You might want to read one of the PRs about that "down/up for each vlan" issue:





						240818 – igb(4) vlanhwfilter feature generate link UP/DOWN for each new vlan created
					






					bugs.freebsd.org
				



(there were several others back when this behaviour was introduced ~2018ish)

A patch (https://reviews.freebsd.org/D24659) has been merged (https://svnweb.freebsd.org/base?view=revision&revision=361053, https://svnweb.freebsd.org/base?view=revision&revision=360902), but at least on 13-RELEASE on my desktop with em and igb interfaces setting up a VLAN still always resets the interface as well as on several other machines (12.2 & 13.0) with em, igb and even ixgbe interfaces.

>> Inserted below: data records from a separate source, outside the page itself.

Lemma branch_limit_N n : N (deficient_branch n) branch_limit.
Proof.
  intros i Hi. unfold branch_limit.
  destruct (deficient_branch_extends n (Nat.max n (S i))) as [t1 H1]; [lia|].
  destruct (deficient_branch_extends (S i) (Nat.max n (S i))) as [t2 H2]; [lia|].
  assert (H : nth i (deficient_branch n ++ t1) false = nth i (deficient_branch (S i) ++ t2) false)
    by (rewrite <- H1, <- H2; auto).
  rewrite !app_nth1 in H; auto. rewrite deficient_branch_length; lia.
Qed.

Lemma weight_le_cover_sum : weight s <= r.
Proof.
  apply Rnot_lt_le. intros Hlt.
  assert (Hd : deficient s).
  { destruct (mass_on_summable s) as [l [Hl Hle]]. exists l. split; auto. lra. }
  destruct (covers_s branch_limit (branch_limit_N 0)) as [k [a [Hk Ha]]].
  set (t := deficient_branch (length a)).
  destruct (deficient_branch_deficient (length a) Hd) as [l [Hl Hlt2]].
  assert (Hfull : mass_on t k = weight t).
  { unfold mass_on. rewrite Hk. unfold overlap_weight.
    rewrite (is_prefix_N a t branch_limit Ha (branch_limit_N _)); auto.
    unfold t. rewrite deficient_branch_length. lia. }
  assert (Hnn : forall j, 0 <= mass_on t j) by (intros; apply mass_on_bounds).
  pose proof (sum_incr (mass_on t) k l Hl Hnn).
  assert (mass_on t k <= sum_f_R0 (mass_on t) k).
  { destruct k; simpl; [lra|]. pose proof (cond_pos_sum (mass_on t) k Hnn). lra. }
  fold t in Hlt2. lra.
Qed.
End CylinderLowerBound.

Lemma mu_N s : mu (N s) = weight s.
Proof.
  apply Rle_antisym.
  - replace (weight s) with (list_weight [s]) by (simpl; ring).
    apply mu_le_list_weight. intros x Hx. exists s. simpl; auto.
  - apply (proj2 (mu_is_glb (N s))). intros r [c [Hc Hr]]. eapply weight_le_cover_sum; eauto.
Qed.

Section Flatten.
Variable L : nat -> list (list bool).

Definition flat_blocks (m : nat) : list (option (list bool)) :=
  concat (map (fun k => None :: map Some (L k)) (seq 0 m)).

(* Each block starts with a [None], so [flat_blocks (S n)] has at least [n + 1] entries. *)
Definition flatten (n : nat) : option (list bool) := nth n (flat_blocks (S n)) None.

Lemma flat_blocks_S m : flat_blocks (S m) = flat_blocks m ++ None :: map Some (L m).
Proof.
  unfold flat_blocks. rewrite seq_S, map_app, concat_app. simpl. rewrite app_nil_r. reflexivity.
Qed.

Lemma flat_blocks_length m : (m <= length (flat_blocks m))%nat.
Proof. induction m; [simpl; lia|]. rewrite flat_blocks_S, length_app. simpl. lia. Qed.

Lemma flat_blocks_length_le m m' : (m <= m')%nat ->
  (length (flat_blocks m) <= length (flat_blocks m'))%nat.
Proof. intros H. induction H; auto. rewrite flat_blocks_S, length_app. lia. Qed.

Lemma nth_flat_blocks_stable n m m' : (n < length (flat_blocks m))%nat -> (m <= m')%nat ->
  nth n (flat_blocks m') None = nth n (flat_blocks m) None.
Proof.
  intros Hn H. induction H; auto.
  rewrite flat_blocks_S, app_nth1; auto. pose proof (flat_blocks_length_le m m0 H). lia.
Qed.

Lemma flatten_lists k s : In s (L k) -> exists n, flatten n = Some s.
Proof.
  intros Hin. destruct (In_nth _ _ [] Hin) as [p [Hp1 Hp2]].
  set (q := (length (flat_blocks k) + S p)%nat).
  assert (Hq : nth q (flat_blocks (S k)) None = Some s).
  { rewrite flat_blocks_S, app_nth2 by (unfold q; lia). unfold q.
    replace (length (flat_blocks k) + S p - length (flat_blocks k))%nat with (S p) by lia.
    simpl. rewrite (nth_indep _ None (Some [])) by (rewrite length_map; auto).
    rewrite map_nth, Hp2. reflexivity. }
  exists q. unfold flatten. rewrite (nth_flat_blocks_stable q (S k) (S q)); auto.
  - rewrite flat_blocks_S, length_app. simpl. rewrite length_map. unfold q. lia.
  - pose proof (flat_blocks_length k). unfold q. lia.
Qed.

I also encountered that (mis)behaviour and had to work around this issue: on our storage hosts we only change the vlan config during maintenance windows. for our routers and gateways this behaviour was just completely inacceptable and we switched them all to OpenBSD (which brought some other benefits like rdomains and latest OpenBGPd).
So even if this might not be the preferred answer in this forum, you might want to try OpenBSD for that project, even if 'just' running on bhyve (which works great - we have ~10 OBSD VMs running on bhyve in our infrastructure).


----------